In the middle of all these goings on, my mother became really ill and needed some home-care and eventually ended up in hospital twice. She’s well on the way to being okay now (whew!) but for a month there things were very disrupted in our household.
So when the January cycle was missed, I put it down to stress. I went to my niece/good mate Chris’s home and got seriously blasted. Amazing.. I didn’t know I could drink that much and stay upright. Hell, a troop of marines could not have done better. February rolled around and still no-show. Wayne raised the “P” word for the first time and got his head handed to him on a plate. “Don’t be bloody ridiculous! It’s more likely to be menopause!”

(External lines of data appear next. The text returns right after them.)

(* Let $U=\big|\log\big(p_{\hat Y\mid A}(\hat Y\mid A)/p_{\hat Y}(\hat Y)\big)\big|$. For every $\delta\in(0,1]$, $\Pr(U>\epsilon_1)\le\delta$ where $$\epsilon_1=\frac{s^*}{\sqrt\delta}+\sup_{y\in\mathcal Y}\max\Big\{\gamma+\sum_{k=1}^d\log\Big(\frac{p_{\hat Y}(y)}{\inf_{a_k\in\mathcal A_k}p_{\hat Y\mid A_k}(y\mid a_k)}\Big),\ -\gamma+\sum_{k=1}^d\log\Big(\frac{\sup_{a_k\in\mathcal A_k}p_{\hat Y\mid A_k}(y\mid a_k)}{p_{\hat Y}(y)}\Big)\Big\},$$ with $s^*=(\sigma^{2/3}+\sigma_y^{2/3})^{3/2}$ and $\gamma=C(A)-C(A\mid\hat Y)$.
   Context: Let $\hat Y$ take values in a finite set $\mathcal Y$ and let $A=(A_1,\dots,A_d)$ be a random vector, $A_k$ taking values in a finite set $\mathcal A_k$, $\mathcal A=\mathcal A_1\times\dots\times\mathcal A_d$; $(A,\hat Y)$ has joint law $p_{A,\hat Y}$. Write $p_V(v)=\Pr(V=v)$ and $p_{V\mid W}(v\mid w)=\Pr(V=v\mid W=w)$. Assume $p_{A,\hat Y}(a,y)>0$ for all $(a,y)\in\mathcal A\times\mathcal Y$. Define $L=\log\big(p_A(A)/\prod_{k} p_{A_k}(A_k)\big)$, $L_y=\log\big(p_{A\mid\hat Y}(A\mid\hat Y)/\prod_{k} p_{A_k\mid\hat Y}(A_k\mid\hat Y)\big)$, $C(A)=\mathbb E[L]$, $C(A\mid\hat Y)=\mathbb E[L_y]$, and $\sigma,\sigma_y$ the standard deviations of $L,L_y$. *)

From HB Require Import structures.
From mathcomp Require Import all_boot all_order all_algebra.
From mathcomp Require Import all_classical all_reals all_analysis.
Set Implicit Arguments. Unset Strict Implicit. Unset Printing Implicit Defensive.
Import Order.TTheory GRing.Theory Num.Theory.
Local Open Scope ring_scope.

Section Info.
Variables (R : realType) (d : nat) (T : 'I_d -> finType) (Y : finType).
(* values of A = (A_1,...,A_d) *)
Notation AT := {dffun forall k : 'I_d, T k}.
(* joint law p_{A,Yhat}(a,y) *)
Variable p : AT -> Y -> R.

Definition is_joint_law := (forall a y, 0 <= p a y) /\ \sum_a \sum_y p a y = 1.

Definition pA (a : AT) : R := \sum_y p a y.
Definition pY (y : Y) : R := \sum_a p a y.
Definition pAk (k : 'I_d) (x : T k) : R := \sum_(a : AT | a k == x) \sum_y p a y.
Definition pAkY (k : 'I_d) (x : T k) (y : Y) : R := \sum_(a : AT | a k == x) p a y.

Definition pY_A (y : Y) (a : AT) : R := p a y / pA a.
Definition pA_Y (a : AT) (y : Y) : R := p a y / pY y.
Definition pAk_Y (k : 'I_d) (x : T k) (y : Y) : R := pAkY x y / pY y.
Definition pY_Ak (y : Y) (k : 'I_d) (x : T k) : R := pAkY x y / pAk x.

Definition Ex (f : AT -> Y -> R) : R := \sum_a \sum_y p a y * f a y.
Definition Pr (P : AT -> Y -> bool) : R := \sum_a \sum_(y | P a y) p a y.

Definition Lrv (a : AT) (_ : Y) : R := ln (pA a / \prod_k pAk (a k)).
Definition Lyrv (a : AT) (y : Y) : R := ln (pA_Y a y / \prod_k pAk_Y (a k) y).

Definition CA : R := Ex Lrv.
Definition CAY : R := Ex Lyrv.
Definition sigmaL : R := Num.sqrt (Ex (fun a y => (Lrv a y - CA) ^+ 2)).
Definition sigmaLy : R := Num.sqrt (Ex (fun a y => (Lyrv a y - CAY) ^+ 2)).

Definition Urv (a : AT) (y : Y) : R := `| ln (pY_A y a / pY y) |.

Definition sstar : R := (sigmaL `^ (2/3) + sigmaLy `^ (2/3)) `^ (3/2).
Definition gammaC : R := CA - CAY.

Definition eps1 (delta : R) : R :=
  sstar / Num.sqrt delta +
  sup [set Num.max
          (gammaC + \sum_k ln (pY y / inf [set pY_Ak y x | x in [set: T k]]))
          (- gammaC + \sum_k ln (sup [set pY_Ak y x | x in [set: T k]] / pY y))
       | y in [set: Y]].
End Info.

From HB Require Import structures.
From mathcomp Require Import all_boot all_order all_algebra.
From mathcomp Require Import all_classical all_reals all_analysis.
From mathcomp Require Import ring lra.
Import Order.TTheory GRing.Theory Num.Theory.
Local Open Scope ring_scope.

(* Let W := (L_y - C(A|Y)) - (L - C(A)) ([centered_diff]).
   Since p(y|a)/p(y) = p(a,y)/(p(a) p(y)),
     log (p(y|a)/p(y)) = W - gamma + sum_k log (p(y|a_k)/p(y)),
   and bounding each summand by the sup or inf of p(y|.) over A_k gives
   U <= |W| + (the sup term of eps1).  Minkowski's inequality gives
   E[W^2] <= (sigma + sigma_y)^2 <= s*^2, and Chebyshev's inequality bounds
   Pr(|W| > s*/sqrt delta) by delta. *)

Section Expectation.
Context {R : realType} {d : nat} {T : 'I_d -> finType} {Y : finType}.
Context {p : {dffun forall k : 'I_d, T k} -> Y -> R}.
Hypothesis p_gt0 : forall a y, 0 < p a y.

Lemma Ex_ext f g : (forall a y, f a y = g a y) -> Ex p f = Ex p g.
Proof. by move=> fg; apply: eq_bigr => a _; apply: eq_bigr => y _; rewrite fg. Qed.

Lemma Ex_eq0 f : (forall a y, f a y = 0) -> Ex p f = 0.
Proof. by move=> f0; apply: big1 => a _; apply: big1 => y _; rewrite f0 mulr0. Qed.

Lemma ExD f g : Ex p (fun a y => f a y + g a y) = Ex p f + Ex p g.
Proof.
rewrite /Ex -big_split /=; apply: eq_bigr => a _.
by rewrite -big_split /=; apply: eq_bigr => y _; rewrite mulrDr.
Qed.

Lemma ExZ c f : Ex p (fun a y => c * f a y) = c * Ex p f.
Proof.
rewrite /Ex mulr_sumr; apply: eq_bigr => a _.
by rewrite mulr_sumr; apply: eq_bigr => y _; rewrite mulrCA.
Qed.

Lemma ler_Ex f g : (forall a y, f a y <= g a y) -> Ex p f <= Ex p g.
Proof.
move=> fg; apply: ler_sum => a _; apply: ler_sum => y _.
by rewrite ler_wpM2l // ltW.
Qed.

Lemma Ex_sqr_ge0 f : 0 <= Ex p (fun a y => f a y ^+ 2).
Proof.
apply: sumr_ge0 => a _; apply: sumr_ge0 => y _.
by rewrite mulr_ge0 ?sqr_ge0 // ltW.
Qed.

Lemma Ex_sqr_eq0 f : Ex p (fun a y => f a y ^+ 2) = 0 -> forall a y, f a y = 0.
Proof.
have term_ge0 a y : 0 <= p a y * f a y ^+ 2 by rewrite mulr_ge0 ?sqr_ge0 // ltW.
move=> E0 a y.
have row0 : \sum_y p a y * f a y ^+ 2 = 0.
  by apply: (psumr_eq0P _ E0) => // a' _; apply: sumr_ge0.
move: (psumr_eq0P (fun y' _ => term_ge0 a y') row0 (i := y) isT) => /eqP.
by rewrite mulf_eq0 gt_eqF //= sqrf_eq0 => /eqP.
Qed.

Lemma sqrt_Ex_sqr_eq0 f :
  Num.sqrt (Ex p (fun a y => f a y ^+ 2)) = 0 -> forall a y, f a y = 0.
Proof.
move=> /eqP; rewrite sqrtr_eq0 => E_le0; apply: Ex_sqr_eq0.
by apply/eqP; rewrite eq_le E_le0 Ex_sqr_ge0.
Qed.

Lemma Ex_mul_le_sqrt f g :
  Ex p (fun a y => f a y * g a y) <=
  Num.sqrt (Ex p (fun a y => f a y ^+ 2)) * Num.sqrt (Ex p (fun a y => g a y ^+ 2)).
Proof.
set a := Num.sqrt _; set b := Num.sqrt _.
have a_ge0 : 0 <= a := sqrtr_ge0 _; have b_ge0 : 0 <= b := sqrtr_ge0 _.
have [a0|a_neq0] := eqVneq a 0.
  by rewrite Ex_eq0 ?mulr_ge0 // => x y; rewrite (sqrt_Ex_sqr_eq0 _ a0) mul0r.
have [b0|b_neq0] := eqVneq b 0.
  by rewrite Ex_eq0 ?mulr_ge0 // => x y; rewrite (sqrt_Ex_sqr_eq0 _ b0) mulr0.
have ab_gt0 : 0 < a * b by rewrite mulr_gt0 // lt_neqAle eq_sym ?a_neq0 ?b_neq0.
have amgm : Ex p (fun x y => (2 * a * b) * (f x y * g x y)) <=
            Ex p (fun x y => b ^+ 2 * f x y ^+ 2 + a ^+ 2 * g x y ^+ 2).
  apply: ler_Ex => x y; rewrite -subr_ge0.
  have -> : b ^+ 2 * f x y ^+ 2 + a ^+ 2 * g x y ^+ 2 - 2 * a * b * (f x y * g x y)
      = (b * f x y - a * g x y) ^+ 2 by ring.
  exact: sqr_ge0.
have Ef2 : Ex p (fun x y => f x y ^+ 2) = a ^+ 2 by rewrite sqr_sqrtr ?Ex_sqr_ge0.
have Eg2 : Ex p (fun x y => g x y ^+ 2) = b ^+ 2 by rewrite sqr_sqrtr ?Ex_sqr_ge0.
rewrite ExD !ExZ Ef2 Eg2 in amgm.
move: amgm; set E := Ex p _ => amgm; nra.
Qed.

Lemma Ex_sqrB_le f g :
  Ex p (fun a y => (f a y - g a y) ^+ 2) <=
  (Num.sqrt (Ex p (fun a y => f a y ^+ 2)) + Num.sqrt (Ex p (fun a y => g a y ^+ 2))) ^+ 2.
Proof.
have expand : Ex p (fun a y => (f a y - g a y) ^+ 2) =
    Ex p (fun a y => f a y ^+ 2) + Ex p (fun a y => g a y ^+ 2)
    + 2 * Ex p (fun a y => f a y * - g a y).
  by rewrite -ExZ -!ExD; apply: Ex_ext => a y; ring.
have CS := Ex_mul_le_sqrt f (fun a y => - g a y).
rewrite (@Ex_ext (fun a y => (- g a y) ^+ 2) (fun a y => g a y ^+ 2)) in CS;
  last by move=> a y; rewrite sqrrN.
rewrite expand sqrrD !sqr_sqrtr ?Ex_sqr_ge0 //; lra.
Qed.

Lemma ler_Pr (P Q : _ -> _ -> bool) :
  (forall a y, P a y -> Q a y) -> Pr p P <= Pr p Q.
Proof.
move=> PQ; apply: ler_sum => a _; rewrite [leLHS]big_mkcond [leRHS]big_mkcond.
apply: ler_sum => y _; case: ifP => [/PQ -> //|_].
by case: ifP => _ //; exact: ltW.
Qed.

Lemma Pr_norm_gt_le (f : _ -> _ -> R) (t : R) : 0 < t ->
  Pr p (fun a y => t < `|f a y|) <= Ex p (fun a y => f a y ^+ 2) / t ^+ 2.
Proof.
move=> t_gt0; rewrite mulrC -ExZ.
apply: ler_sum => a _; rewrite big_mkcond; apply: ler_sum => y _.
have t2_gt0 : 0 < t ^+ 2 by rewrite exprn_gt0.
case: ifP => [t_lt|_].
  rewrite -[leLHS]mulr1 ler_wpM2l ?(ltW (p_gt0 a y)) // mulrC ler_pdivlMr // mul1r.
  rewrite -[f a y ^+ 2]real_normK ?num_real //.
  by rewrite lerXn2r ?nnegrE ?normr_ge0 ?(ltW t_gt0) ?(ltW t_lt).
by rewrite mulr_ge0 ?(ltW (p_gt0 a y)) // mulr_ge0 ?sqr_ge0 // invr_ge0 ltW.
Qed.

Lemma Pr_norm_gt_le_delta (f : _ -> _ -> R) (s delta : R) : 0 <= s -> 0 < delta ->
  Ex p (fun a y => f a y ^+ 2) <= s ^+ 2 ->
  Pr p (fun a y => s / Num.sqrt delta < `|f a y|) <= delta.
Proof.
move=> s_ge0 delta_gt0 Ef2; have [s0|s_neq0] := eqVneq s 0.
  have f0 : forall a y, f a y = 0.
    apply: Ex_sqr_eq0; apply/eqP; rewrite eq_le Ex_sqr_ge0 andbT.
    by rewrite s0 expr0n in Ef2.
  rewrite [Pr _ _]big1 ?ltW // => a _; apply: big1 => y.
  by rewrite f0 s0 normr0 mul0r ltxx.
have s_gt0 : 0 < s by rewrite lt_neqAle eq_sym s_neq0.
have t_gt0 : 0 < s / Num.sqrt delta by rewrite divr_gt0 ?sqrtr_gt0.
apply: le_trans (Pr_norm_gt_le f _ t_gt0) _.
rewrite expr_div_n sqr_sqrtr ?(ltW delta_gt0) // invf_div mulrCA.
by rewrite ger_pMr // ler_pdivrMr ?exprn_gt0 // mul1r.
Qed.
End Expectation.

Lemma powR32 (R : realType) (x : R) : 0 <= x -> x `^ (3/2) = x * Num.sqrt x.
Proof.
move=> x_ge0; have -> : (3/2 : R) = 1 + 2^-1 by lra.
rewrite powRD ?powRr1 ?powR12_sqrt //.
by rewrite gt_eqF //; lra.
Qed.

February 8th, the 6th anniversary of our moving into Nutters Grove and the 2nd anniversary of our handfasting. I was really snippy that day and managed to lose my temper with my mother – something I hadn’t done in a long time. Old grumpy guts went for a drive to cool off. I found myself at the chemist, comparing prices on boxes of home pregnancy tests. I felt pretty silly buying that test – I thought that my bad mood was a good indication of PMT. Back home in the bathroom, I followed the proceedure and watched with alarm as the second pink line (positive result) appeared hard on the heels of the first (tester).
“Wayne! Get in here boy, you’ve got some explaining to do!”